Lemma Mv11E v i j : Mv v i j true true = cZ v j - cY v j + 2 * gamma j.
Proof. by rewrite /Mv /cZ /cY; ring. Qed.

Section Membership.
Variable v : vec R N.
Hypothesis vH : inH gamma v.

Lemma inH_XY i j : cX v i <= cY v j.
Proof. by move: (vH i j false true); rewrite Mv01E; lra. Qed.

Lemma inH_ZW i j : cZ v j <= cW v i.
Proof. by move: (vH i j true false); rewrite Mv10E; lra. Qed.

Lemma inH_XW i : cX v i <= cW v i + alpha i.
Proof. by move: (vH i ord0 false false); rewrite Mv00E /alpha; lra. Qed.

Lemma inH_ZY j : cZ v j <= cY v j + beta j.
Proof. by move: (vH ord_max j true true); rewrite Mv11E /beta; lra. Qed.

End Membership.

Lemma inH_intro v :
  (forall i j, cX v i <= cY v j) -> (forall i j, cZ v j <= cW v i) ->
  (forall i, cX v i <= cW v i + alpha i) -> (forall j, cZ v j <= cY v j + beta j) ->
  inH gamma v.
Proof.
move=> hXY hZW hXW hZY i j [] [].
- by move: (hZY j) (le_gamma_max i); rewrite Mv11E /beta; lra.
- by move: (hZW i j); rewrite Mv10E; lra.
- by move: (hXY i j); rewrite Mv01E; lra.
- by move: (hXW i) (gamma0_le j); rewrite Mv00E /alpha; lra.
Qed.

Lemma inH_Mequiv v w : Mequiv v w -> inH gamma v -> inH gamma w.
Proof. by move=> E vH i j d0 d1; rewrite -E. Qed.

Lemma Mequiv_coords v w (e : R) :
  (forall i, cX v i = cX w i + e) -> (forall i, cW v i = cW w i + e) ->
  (forall j, cZ v j = cZ w j + e) -> (forall j, cY v j = cY w j + e) ->
  Mequiv v w.
Proof.
move=> hX hW hZ hY i j [] []; rewrite ?Mv00E ?Mv01E ?Mv10E ?Mv11E ?hX ?hW ?hZ ?hY; ring.
Qed.

Definition tight v i j d0 d1 := Mv v i j d0 d1 = gamma j - gamma i.

Lemma tight01E v i j : tight v i j false true <-> cX v i = cY v j.
Proof. by rewrite /tight Mv01E; split; lra. Qed.

Lemma tight10E v i j : tight v i j true false <-> cW v i = cZ v j.
Proof. by rewrite /tight Mv10E; split; lra. Qed.

Lemma tight00E v i : tight v i ord0 false false <-> cX v i = cW v i + alpha i.
Proof. by rewrite /tight Mv00E /alpha; split; lra. Qed.

Lemma tight11E v j : tight v ord_max j true true <-> cZ v j = cY v j + beta j.
Proof. by rewrite /tight Mv11E /beta; split; lra. Qed.

(* Row (i, j, 0, 0) is row (i, 0, 0, 0) weakened by gamma_j - gamma_0 >= 0. *)
Lemma tight00 v i j : inH gamma v -> tight v i j false false ->
  cX v i = cW v i + alpha i.
Proof.
by move=> vH; move: (inH_XW vH i) (gamma0_le j); rewrite /tight Mv00E /alpha; lra.
Qed.

Lemma tight11 v i j : inH gamma v -> tight v i j true true ->
  cZ v j = cY v j + beta j.
Proof.
by move=> vH; move: (inH_ZY vH j) (le_gamma_max i); rewrite /tight Mv11E /beta; lra.
Qed.

(* Mv v i j d0 d1 = entry v i j d0 false + entry v i j d1 true. *)
Definition entry T (f : 'I_N -> bool -> bool -> T) i j (d z : bool) :=
  if d then f j true z else f i false z.

Definition perturb K (e : R) : vec R N :=
  fun y d z => if K y d z then (if z then - e else e) else 0.

Lemma Mv_add v w i j d0 d1 :
  Mv (fun y d z => v y d z + w y d z) i j d0 d1 = Mv v i j d0 d1 + Mv w i j d0 d1.
Proof. by rewrite /Mv; case: d0; case: d1; rewrite addrACA. Qed.

Lemma Mv_perturb K (e : R) i j d0 d1 : Mv (perturb K e) i j d0 d1 =
  ((entry K i j d0 false)%:R - (entry K i j d1 true)%:R) * e.
Proof.
rewrite /Mv /perturb /entry.
by case: d0; case: d1; do 2 case: (K _ _ _); rewrite /=; ring.
Qed.

(* Moving the coordinates selected by K by +e (z = 0) and -e (z = 1) changes each
   row by e times the jump of K across it; rows without a jump keep their value. *)
Lemma vertex_cut v K : is_vertex gamma v ->
  (forall i j d0 d1, tight v i j d0 d1 -> entry K i j d0 false = entry K i j d1 true) ->
  forall i j d0 d1, entry K i j d0 false = entry K i j d1 true.
Proof.
case=> vH vV hK.
have [e e_gt0 e_le] := finite_pos_lbound (fun r : 'I_N * 'I_N * bool * bool =>
  let: (i, j, d0, d1) := r in gamma j - gamma i - Mv v i j d0 d1).
pose vpert e' y d z := v y d z + perturb K e' y d z.
have vpert_inH e' : e' = e \/ e' = - e -> inH gamma (vpert e').
  move=> he' i j d0 d1; rewrite Mv_add Mv_perturb; move: (vH i j d0 d1).
  have [-> | neqK] := eqVneq (entry K i j d0 false) (entry K i j d1 true).
    by rewrite subrr mul0r addr0.
  have : e <= gamma j - gamma i - Mv v i j d0 d1.
    apply: (e_le (i, j, d0, d1)); rewrite /= subr_gt0 lt_neqAle vH andbT.
    exact: contra_neq (hK i j d0 d1) neqK.
  by move: neqK; do 2 case: (entry _ _ _ _ _) => //=; case: he' => ->; lra.
have half_gt0 : 0 < 2^-1 :> R by rewrite invr_gt0.
have half_lt1 : 2^-1 < 1 :> R by rewrite invf_lt1 ?ltr1n.
have mid y d z : v y d z = 2^-1 * vpert e y d z + (1 - 2^-1) * vpert (- e) y d z.
  by rewrite /vpert /perturb; case: ifP => _; [case: z|]; field.
have [E _] := vV _ _ _ half_gt0 half_lt1
  (vpert_inH e (or_introl erefl)) (vpert_inH (- e) (or_intror erefl)) mid.
move=> i j d0 d1; move: (E i j d0 d1); rewrite Mv_add Mv_perturb.
by do 2 case: (entry _ _ _ _ _) => //=; lra.
Qed.

Lemma tight_closed_const v K : is_vertex gamma v ->
  (forall i j, cX v i = cY v j -> K i false false = K j true true) ->
  (forall i j, cW v i = cZ v j -> K i false true = K j true false) ->
  (forall i, cX v i = cW v i + alpha i -> K i false false = K i false true) ->
  (forall j, cZ v j = cY v j + beta j -> K j true false = K j true true) ->
  forall y d z y' d' z', K y d z = K y' d' z'.
Proof.
move=> vV hXY hWZ hXW hZY.
have rowK := vertex_cut vV (K := K) _.
have {}rowK : forall i j d0 d1, entry K i j d0 false = entry K i j d1 true.
  apply: rowK => i j [] [] t.
  - exact/hZY/(tight11 vV.1 t).
  - by apply/esym/hWZ/tight10E.
  - exact/hXY/tight01E.
  - exact/hXW/(tight00 vV.1 t).
have K_XY i j : K i false false = K j true true := rowK i j false true.
have K_ZW i j : K j true false = K i false true := rowK i j true false.
have K_XW i : K i false false = K i false true := rowK i i false false.
suff K0 y d z : K y d z = K ord0 false false by move=> y d z y' d' z'; rewrite !K0.
case: d; case: z.
- by rewrite -(K_XY ord0 y).
- by rewrite (K_ZW ord0 y) -K_XW.
- by rewrite -K_XW (K_XY y ord0) -(K_XY ord0 ord0).
- by rewrite (K_XY y ord0) -(K_XY ord0 ord0).
Qed.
★ ★ ★
● Exercise prompt
Keeping every character as it is, restate the lines above that run from the line with "Section Membership." through the line with "Lemma inH_XW i : cX v i <= cW v i + alpha i.", both included, and nothing else.

● Result of this exercise
Section Membership.
Variable v : vec R N.
Hypothesis vH : inH gamma v.

Lemma inH_XY i j : cX v i <= cY v j.
Proof. by move: (vH i j false true); rewrite Mv01E; lra. Qed.

Lemma inH_ZW i j : cZ v j <= cW v i.
Proof. by move: (vH i j true false); rewrite Mv10E; lra. Qed.

Lemma inH_XW i : cX v i <= cW v i + alpha i.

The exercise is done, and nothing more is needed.